Back-propagation part of ANN is a bit more complicated than forward propagation part. In Gradient Descent Optimization algorithm, we calculate derivatives to calculate yHat rate of change with respect to last z, in our case it is z3.

High-level steps of the Gradient Descent algorithm

Calculate error based on actual y and on predicted yHat. It will be called delta further and in the code.

delta = (yHat - y) multiply f'(z)

result is a 16 x 1 matrix

where:
    - "f`" is a derivative to activation function on the current layer.   
    - "z" is current layer activation.
    - "multiply" is Hadamard product, a.k.a. element-wise multiplication. 
      Note: it is not the same as dot product.

Iterate list of weights matrices from end to start, i.e. backwards.
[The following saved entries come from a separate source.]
(* Convention alpha(-1) = 0 : previous slot of j (slot 0 has predecessor "player" 0). *)
Definition prev_player (alpha : nat -> nat) (j : nat) : nat :=
  match j with 0 => 0%N | j'.+1 => alpha j' end.

Definition depth_of {R : realType} (s : nat -> R) (x0 : R) (i : nat) : R :=
  if i == 0%N then x0 else s i.

Definition order_size {R : realType} (r : nat -> R) (j : nat) : R :=
  if j == 0%N then 0 else r j.

(* Realized utility of player i for profile s (s i = target depth of player i, 1<=i<=N),
   with orders r_1..r_K, allocation alpha : {0..K} -> {1..N}, initial depth x0. *)
Definition utility {R : realType} (phi : R -> R) (xO : R) (K : nat)
    (alpha : nat -> nat) (r : nat -> R) (x0 : R) (s : nat -> R) (i : nat) : R :=
  \sum_(0 <= j < K.+1 | alpha j == i)
     (opp_cost phi xO (depth_of s x0 (prev_player alpha j) + order_size r j)
      - opp_cost phi xO (s i)).

Definition exp_utility {R : realType} {d : measure_display} {Omega : measurableType d}
    (P : probability Omega R) (phi : R -> R) (xO : R) (K : nat)
    (alpha : nat -> Omega -> nat) (r : nat -> Omega -> R) (x0 : Omega -> R)
    (s : nat -> R) (i : nat) : \bar R :=
  (\int[P]_w (utility phi xO K (fun k => alpha k w) (fun k => r k w) (x0 w) s i)%:E)%E.

Definition update {R : realType} (s : nat -> R) (i : nat) (t : R) : nat -> R :=
  fun j => if j == i then t else s j.

Definition dominant {R : realType} {d : measure_display} {Omega : measurableType d}
    (P : probability Omega R) (phi : R -> R) (xO : R) (N K : nat)
    (alpha : nat -> Omega -> nat) (r : nat -> Omega -> R) (x0 : Omega -> R)
    (A : set R) (i : nat) (si : R) : Prop :=
  A si /\
  forall s : nat -> R, (forall j, (1 <= j <= N)%N -> A (s j)) ->
  forall t, A t ->
    (exp_utility P phi xO K alpha r x0 (update s i t) i
     <= exp_utility P phi xO K alpha r x0 (update s i si) i)%E.

From HB Require Import structures.
From mathcomp Require Import all_boot all_order all_algebra.
From mathcomp Require Import all_classical all_reals all_analysis.
From mathcomp Require Import measurable_realfun lra.
Set Implicit Arguments. Unset Strict Implicit. Unset Printing Implicit Defensive.
Import Order.TTheory GRing.Theory Num.Theory.
Import numFieldNormedType.Exports.
Local Open Scope classical_set_scope.
Local Open Scope ring_scope.

(** Writing [C] for the opportunity cost, player [i]'s utility is a sum of
    costs [C(s_{alpha(k-1)} + r_k)] that, for a locally free allocation, never
    involve [s_i], minus [n_i C(s_i)], where [n_i] is the number of slots
    allocated to [i]. Hence the expected utility of playing [t] is
    [a - E[n_i] C(t)] with [E[n_i] > 0], whatever the other players do, and
    [s_i] is dominant iff it minimises [C] on [A]. Since [C' = p_O - phi] with
    [phi] nonincreasing, [C] lies above its tangents,
    [C(t) >= C(s) + (p_O - phi(s)) (t - s)], so passthrough depths minimise [C];
    continuity of [phi] makes the inequality strict at any other depth. *)

Section integral_setS.
Local Open Scope ereal_scope.
Context d (T : measurableType d) (R : realType) (mu : {measure set T -> \bar R}).

Lemma ge0_le_integral_setS (D1 D2 : set T) (f : T -> \bar R) :
  (forall x, 0 <= f x) -> D1 `<=` D2 ->
  \int[mu]_(x in D1) f x <= \int[mu]_(x in D2) f x.
Proof.
move=> f0 D12; rewrite !ge0_integralE//.
apply: le_ereal_sup => _ [h hf <-]; exists h => //= x.
apply: le_trans (hf x) _; rewrite !patchE.
case: ifPn => [/set_mem/D12/mem_set -> //|_]; by case: ifP.
Qed.

End integral_setS.

Section monotone_emeasurable.
Context {R : realType}.

Lemma monotone_emeasurable (F : R -> \bar R) :
  {homo F : x y / x <= y >-> (x <= y)%E} \/ {homo F : x y / y <= x >-> (x <= y)%E} ->
  measurable_fun setT F.
Proof.
move=> F_mono; apply: (measurability _ (ErealGenCInfty.measurableE R)) => //.
move=> _ [_ [x ->] <-]; rewrite setTI; apply: is_interval_measurable.
move=> a b /=; rewrite !in_itv /= !andbT => Fa Fb z /andP[az zb].
rewrite in_itv /= andbT.
by case: F_mono => F_mono;
  [apply: le_trans Fa (F_mono _ _ az) | apply: le_trans Fb (F_mono _ _ zb)].
Qed.

(* No measurability of [f] is needed: the integrals of [f^+] and [f^-] are
   monotone in the domain. *)
Lemma measurable_integral_monotone_domain (f : R -> \bar R) (D : R -> set R) :
  (forall x y, x <= y -> D x `<=` D y) \/ (forall x y, x <= y -> D y `<=` D x) ->
  measurable_fun setT (fun x => \int[lebesgue_measure]_(t in D x) f t)%E.
Proof.
move=> D_mono; rewrite (_ : (fun x => _) = (fun x =>
    \int[lebesgue_measure]_(t in D x) f^\+ t - \int[lebesgue_measure]_(t in D x) f^\- t)%E);
  last by apply/funext => x; rewrite integralE.
have le_int g : (forall t, (0 <= g t)%E) -> forall x y, D x `<=` D y ->
    (\int[lebesgue_measure]_(t in D x) g t <= \int[lebesgue_measure]_(t in D y) g t)%E.
  by move=> g0 x y Dxy; exact: ge0_le_integral_setS.
by apply: emeasurable_funB; apply: monotone_emeasurable;
  case: D_mono => D_mono; [left|right|left|right] => x y /D_mono; apply: le_int.
Qed.

End monotone_emeasurable.

Lemma Rintegral_itv_cst (R : realType) (a b c : R) : a <= b ->
  \int[lebesgue_measure]_(_ in `[a, b]) c = c * (b - a).
Proof.
move=> ab; rewrite Rintegral_cst //= lebesgue_measure_itv /= lte_fin.
by case: ltgtP ab => // -> _; rewrite subrr mulr0.
Qed.

Lemma Rintegral_itv_split (R : realType) (f : R -> R) (a b c : R) : a <= b -> b <= c ->
  lebesgue_measure.-integrable `[a, c] (EFin \o f) ->
  \int[lebesgue_measure]_(x in `[a, c]) f x =
  \int[lebesgue_measure]_(x in `[a, b]) f x + \int[lebesgue_measure]_(x in `[b, c]) f x.
Proof.
move=> ab bc itf; rewrite -[X in _ + X]Rintegral_itv_obnd_cbnd; last first.
  by apply: integrableS itf => //; apply: subset_itvr; rewrite bnd_simp.
have := @Rintegral_itvB R f (BLeft a) (BRight c) b itf.
by rewrite !bnd_simp => /(_ ab bc) <-; rewrite addrC subrK.
Qed.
Let's take "i" as layer index
Calculate partial derivative as:

 partialDerivativeN = xi.T * delta

 where:     
     - "T" is a matrix transpose operation,
     - "*" is dot product operation.

Update weights of i layer via:

wi = wi - learningRate * partialDerivative_i 

where:
  - "learningRate" is a scalar number. 
  - "partialDerivative_i" is a matrix, so "*" is dot product here as well.

Update bias of i layer via:

bi = bi - sum(delta)

Pass updated weight wi and delta to previous layer, i.e. to wi - 1.
Now starting wi - 1 weight update, we calculate delta differently.

delta = (previousDelta * previousW) multiply f'(z)

where:
   - "previousDelta" is delta from previous step, i.e. 
      it is from layer next to the right, because we go backward. 
   - "previousW" - is a weight matrix from the previous step as well.

If i > 0, then:

decrement i via i = i -1 and then repeat steps from 2 to 5.

otherwise:

we finished back-propagation for a specific batch or a single data sample (in case of stochastic gradient descent).

Back-propagation tracing

w3 - between 2nd hidden and output layers

Delta (error):

sizes: 16, Tensor1D[Float]:
[-0.5,0.5,-2.336502E-5,0.5,0.99982685,0.0,1.0,-0.27220798,0.9981591,0.99999166,0.5142617,0.5,0.5,0.5,0.5,0.9999994]

x transpose:

sizes: 6x16, Tensor2D[Float]:
[[0.0,0.0,2.3540525,0.0,1.1964836,4.380693,6.6140265,0.44490784,1.8534858,2.7576103,0.007678177,0.0,0.0,0.0,0.0,3.0259452]
 [0.0,0.0,1.4293345,0.0,1.9171724,5.341193,5.351874,0.52522117,1.888961,3.053475,0.0014958136,0.0,0.0,0.0,0.0,4.647504]
 [0.0,0.0,2.901132,0.0,3.4634292,6.8469305,9.681695,0.16261059,1.7458743,4.406227,0.0116603775,0.0,0.0,0.0,0.0,3.5064058]
 [0.0,0.0,2.2631726,0.0,1.4329143,5.5888605,7.362318,0.16618003,1.1314285,2.040889,0.023946803,0.0,0.0,0.0,0.0,2.7598464]
 [0.0,0.0,3.2273922,0.0,2.8001034,8.964131,10.323663,0.10813884,1.4567397,2.918638,0.013493502,0.0,0.0,0.0,0.0,3.6922505]
 [0.0,0.0,3.2367752,0.0,2.513441,9.055562,10.566048,0.26056617,1.7771944,3.133051,0.015981253,0.0,0.0,0.0,0.0,4.64655]]

partialDerivative3 = x.T * (delta multiply f`(z)):

sizes: 6x1, Tensor2D[Float]:
[[15.326693]
 [16.712915]
 [22.761444]
 [14.692074]
 [21.16563]
 [22.569763]]

updated Weight = w - learningRate * partialDerivative3 :

sizes: 6x1, Tensor2D[Float]:
[[0.6776238]
 [0.29685247]
 [0.496793]
 [0.95105153]
 [0.824897]
 [0.64518374]]

updated Bias = b - learningRate * sum(delta) :

sizes: 1, Tensor1D[Float]:
[-0.0077400077]

w2 - between 1st and 2nd hidden layers

current delta:

delta (16x6) = (previous delta * previous w) multiply f`(z)

current derivative:

partialDerivative2 (6 x 6) = x.T (6 x 16) * delta (16 x 6)

updated Weight:

w2 (6x6) = w2 (6x6) - learningRate * partialDerivative2 (6 x 6)

updated Bias:

b2 (6 x 1) = b2 (6 x 1) - learningRate * sum(delta)

w1 - between input and 1st hidden layers

current delta:

delta (16x6) = (previous delta * previous w) multiply f`(z)

current derivative:

partialDerivative1 (12 x 6) = x.T (12 x 16) * delta (16 x 6)

updated Weight:

w1 (12x6) = w2 (12x6) - learningRate * partialDerivative1 (12 x 6)

updated Bias:

b1 (6 x 1) = b1 (6 x 1) - learningRate * sum(delta)

Wrapping up

We have finished with theoretical part and ready to continue with the second article ANN in Scala: implementation. In case you have not gotten how the ANN is actually working in theory, then I encourage you to search for other articles and videos. It is important to understand this part before looking at actual implementation in code.